- EXERCISE
Wherever "Require" appears in the records below, copy the line that holds it.
[[ DATA PROVIDED, beginning ]]
(* Let $R$ be a finitely generated standard algebra with a rate filtration $\mathbf F$ of some degree $d$ such that the set $\mathcal{H}$ of Hilbert series $\{I(z): I\in\mathbf F\}$ is finite. Then the Hilbert series $R(z)$ of $R$ and the Hilbert series $I(z)$ of every $I\in\mathbf F$ are rational functions. Moreover, if $\mathcal H$ contains exactly $s$ nonzero elements, then each of these rational functions can be written as a quotient of two polynomials with integer coefficients of degrees at most $ds$.
   Context: $R$ standard: graded, $R_0=k$, generated by $R_1$, finite-dimensional components, $R_+=\bigoplus_{i>0}R_i$. The Hilbert series of a graded space $V$ is $V(z)=\sum_j\dim V_j z^j$. For a homogeneous right ideal $J$, $m(J)$ is the maximal degree of a minimal homogeneous generator. A rate filtration is a set $\mathbf F$ of finitely generated homogeneous right ideals with $0,R_+\in\mathbf F$ such that for every $0\ne I\in\mathbf F$ there exist $J\in\mathbf F$, $J\ne I$, and a homogeneous $x\in I$ with $I=J+xR$, $m(J)\le m(I)$, and $(J:x)=\{a\in R: xa\in J\}\in\mathbf F$; it is of degree $d$ if $m(I)\le d$ for all $I\in\mathbf F$. *)

From HB Require Import structures.
From mathcomp Require Import all_boot all_order all_algebra.
Set Implicit Arguments. Unset Strict Implicit. Unset Printing Implicit Defensive.
Import GRing.Theory.
Local Open Scope ring_scope.

Section Graded.
Variables (k : fieldType) (A : algType k).

Definition in_span (s : seq A) (a : A) : Prop :=
  exists c : nat -> k, a = \sum_(i < size s) c i *: s`_i.

Definition lin_indep (s : seq A) : Prop :=
  forall c : nat -> k, \sum_(i < size s) c i *: s`_i = 0 ->
    forall i, (i < size s)%N -> c i = 0.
[[ DATA PROVIDED, end ]]
- RESPONSE BOX
From HB Require Import structures.
From mathcomp Require Import all_boot all_order all_algebra.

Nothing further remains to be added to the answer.